Gene activation of CEBPA using saRNA: preclinical studies of the first in human saRNA drug candidate for liver cancer

  • Oncogene. 2018 Jun;37(24):3216-3228. doi: 10.1038/s41388-018-0126-2.
Vikash Reebye  1 Kai-Wen Huang  2 Vivian Lin  2 Sheba Jarvis  3 Pedro Cutilas  4 Stephanie Dorman  5 Simona Ciriello  6 Pinelopi Andrikakou  5 Jon Voutila  6 Pal Saetrom  7  8 Paul J Mintz  5 Isabella Reccia  5 John J Rossi  9 Hans Huber  10 Robert Habib  6 Nikos Kostomitsopoulos  11 David C Blakey  6 Nagy A Habib  5
Affiliations
  • 1. Department of Surgery, Imperial College London, London, UK. [email protected].
  • 2. Department of Surgery and Hepatitis Research and Graduate Institute of Clinical Medicine, National Taiwan University, Taipei, Taiwan.
  • 3. Department of Surgery and Cancer, Imperial College London, London, UK.
  • 4. Cell Signalling and Proteomics Group, Centre for Haemato-Oncology, Barts Cancer Institute, Queen Mary University of London, London, UK.
  • 5. Department of Surgery, Imperial College London, London, UK.
  • 6. MiNA Therapeutics Ltd, London, UK.
  • 7. Department of Cancer Research and Molecular Medicine, Norwegian University of Science and Technology, Trondheim, Norway.
  • 8. Department of Computer and Information Science, Norwegian University of Science and Technology, Trondheim, Norway.
  • 9. Department of Molecular and Cellular Biology, Beckman Research Institute, City of Hope, Duarte, CA, USA.
  • 10. BioTD Strategies, LLC, Lansdale, PA, USA.
  • 11. Biomedical Research Foundation of the Academy of Athens, Centre of Clinical, Experimental Surgery and Translational Research, Athens, Greece.
Abstract

Liver diseases are a growing epidemic worldwide. If unresolved, liver fibrosis develops and can lead to cirrhosis and clinical decompensation. Around 5% of cirrhotic liver diseased patients develop hepatocellular carcinoma (HCC), which in its advanced stages has limited therapeutic options and negative survival outcomes. CEPBA is a master regulator of hepatic function where its expression is known to be suppressed in many forms of liver disease including HCC. Injection of MTL-CEBPA, a small activating RNA oligonucleotide therapy (CEBPA-51) formulated in liposomal nanoparticles (NOV340- SMARTICLES) upregulates hepatic CEBPA expression.

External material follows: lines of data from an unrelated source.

Lemma K_conjT a b c x y : dom a b -> a != b -> dom x c -> x != c ->
  dom y c -> y != c -> x != y -> K [set a; b; c; x; y] (conjT a b x y c).
Proof.
move=> ab nab xc nxc yc nyc nxy.
have [Ebc | nbc] := eqVneq b c.
  by subst b; apply: K_eeq (conjT_a_c nxc nyc nxy nab) _; K_factors.
have [Ebx | nbx] := eqVneq b x.
  subst b; have [Eac | nac] := eqVneq a c.
    subst a; have yx : dom y x := dom_trans yc ab.
    by apply: K_eeq (conjT_c_x nxc nyc nxy) _; K_factors.
  have [Eay | nay] := eqVneq a y.
    by subst a; apply: K_eeq (conjT_y_x nxc nyc nxy) _; K_factor.
  have ac : dom a c := dom_trans ab xc.
  by apply: K_eeq (conjT_a_x nxc nyc nxy nab nac nay) _; K_factors.
have [Eby | nby] := eqVneq b y.
  subst b; have [Eac | nac] := eqVneq a c.
    subst a; have xy : dom x y := dom_trans xc ab.
    by apply: K_eeq (conjT_c_y nxc nyc nxy) _; K_factors.
  have [Eax | nax] := eqVneq a x.
    by subst a; apply: K_eeq (conjT_x_y nxc nyc nxy) _; K_factor.
  have ac : dom a c := dom_trans ab yc.
  by apply: K_eeq (conjT_a_y nxc nyc nxy nab nac nax) _; K_factors.
have [Eac | nac] := eqVneq a c.
  subst a; have xb : dom x b := dom_trans xc ab; have yb : dom y b := dom_trans yc ab.
  by apply: K_eeq (conjT_c_b nxc nyc nxy nab nbx nby) _; K_factors.
by apply: K_eeq (conjT_a_b nxc nyc nxy nab nac nbc nbx nby) _; K_factor.
Qed.

End RAAG.

Theorem mainTheorem4 (X : finType) (adj : rel X)
  (adj_sym : symmetric adj) (adj_irr : irreflexive adj)
  (a b c x y : X) :
  dom adj a b -> a != b -> dom adj x c -> x != c -> dom adj y c -> y != c -> x != y ->
  forall tinv : endo X,
    is_inv adj (transv (a, false) (b, false)) tinv ->
    K adj [set a; b; c; x; y]
      (ecomp (transv (a, false) (b, false))
            (ecomp (ctransv (x, false) (y, false) (c, false)) tinv)).
Proof.
move=> ab nab xc nxc yc nyc nxy tinv tinvP.
apply: K_eeq (eeq_conjT adj_sym adj_irr ab nab xc yc tinvP) _.
exact: K_conjT.
Qed.
Lemma sinh_arcsinh z : (expR (arcsinh z) - expR (- arcsinh z)) / 2 = z.
Proof. by rewrite expR_arcsinh expRN_arcsinh; field. Qed.

Lemma cosh_tangent_lt s t : s != t ->
  (t - s) * (expR s - expR (- s)) < (expR t + expR (- t)) - (expR s + expR (- s)).
Proof.
move=> neq_st; have ts_neq0 : t - s != 0 by rewrite subr_eq0 eq_sym.
have lt_pos := expR_gt1Dx ts_neq0.
have lt_neg : 1 + - (t - s) < expR (- (t - s)) by rewrite expR_gt1Dx ?oppr_eq0.
have -> : expR t = expR (t - s) * expR s by rewrite -expRD subrK.
have -> : expR (- t) = expR (- (t - s)) * expR (- s) by rewrite -expRD -opprD subrK.
have := expR_gt0 s; have := expR_gt0 (- s).
move: (expR s) (expR (- s)) (expR (t - s)) (expR (- (t - s))) lt_pos lt_neg.
move: (t - s) => h X X' E E' ltE ltE' X'_gt0 X_gt0.
have : X' * (1 + - h) < X' * E' by rewrite ltr_pM2l.
have : X * (1 + h) < X * E by rewrite ltr_pM2l.
lra.
Qed.

Definition hyp_entropy1 D t : R :=
  2 * t * arcsinh (2 * t / D) - Num.sqrt (4 * t ^+ 2 + D ^+ 2) + D.

Lemma hyp_entropyE d (Delta th : 'I_d -> R) :
  hyp_entropy Delta th = 4^-1 * \sum_(i < d) hyp_entropy1 (Delta i) (th i).
Proof. by []. Qed.

Lemma sqrt_hyp_entropy1 D t : 0 < D ->
  Num.sqrt (4 * t ^+ 2 + D ^+ 2) = D * Num.sqrt ((2 * t / D) ^+ 2 + 1).
Proof.
move=> D_gt0.
rewrite -[X in _ = X * _]gtr0_norm // -sqrtr_sqr -sqrtrM ?sqr_ge0 //.
by congr Num.sqrt; field; rewrite gt_eqF.
Qed.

Here we show how MTL-CEBPA therapy promotes disease reversal in rodent models of cirrhosis, fibrosis, hepatosteatosis, and significantly reduces tumor burden in cirrhotic HCC. Restoration of liver function markers were observed in a carbon-tetrachloride-induced rat model of fibrosis following 2 weeks of MTL-CEBPA therapy. At 14 weeks, Animals showed reduction in ascites and enhanced survival rates. MTL-CEBPA reversed changes associated with hepatosteatosis in non-alcoholic methionine and cholic-deficient diet-induced steaotic liver disease. In diethylnitrosamine induced cirrhotic HCC rats, MTL-CEBPA treatment led to a significant reduction in tumor burden. The data included here and the rapid adoption of MTL-CEBPA into a Phase 1 study may lead to new therapeutic oligonucleotides for undruggable diseases.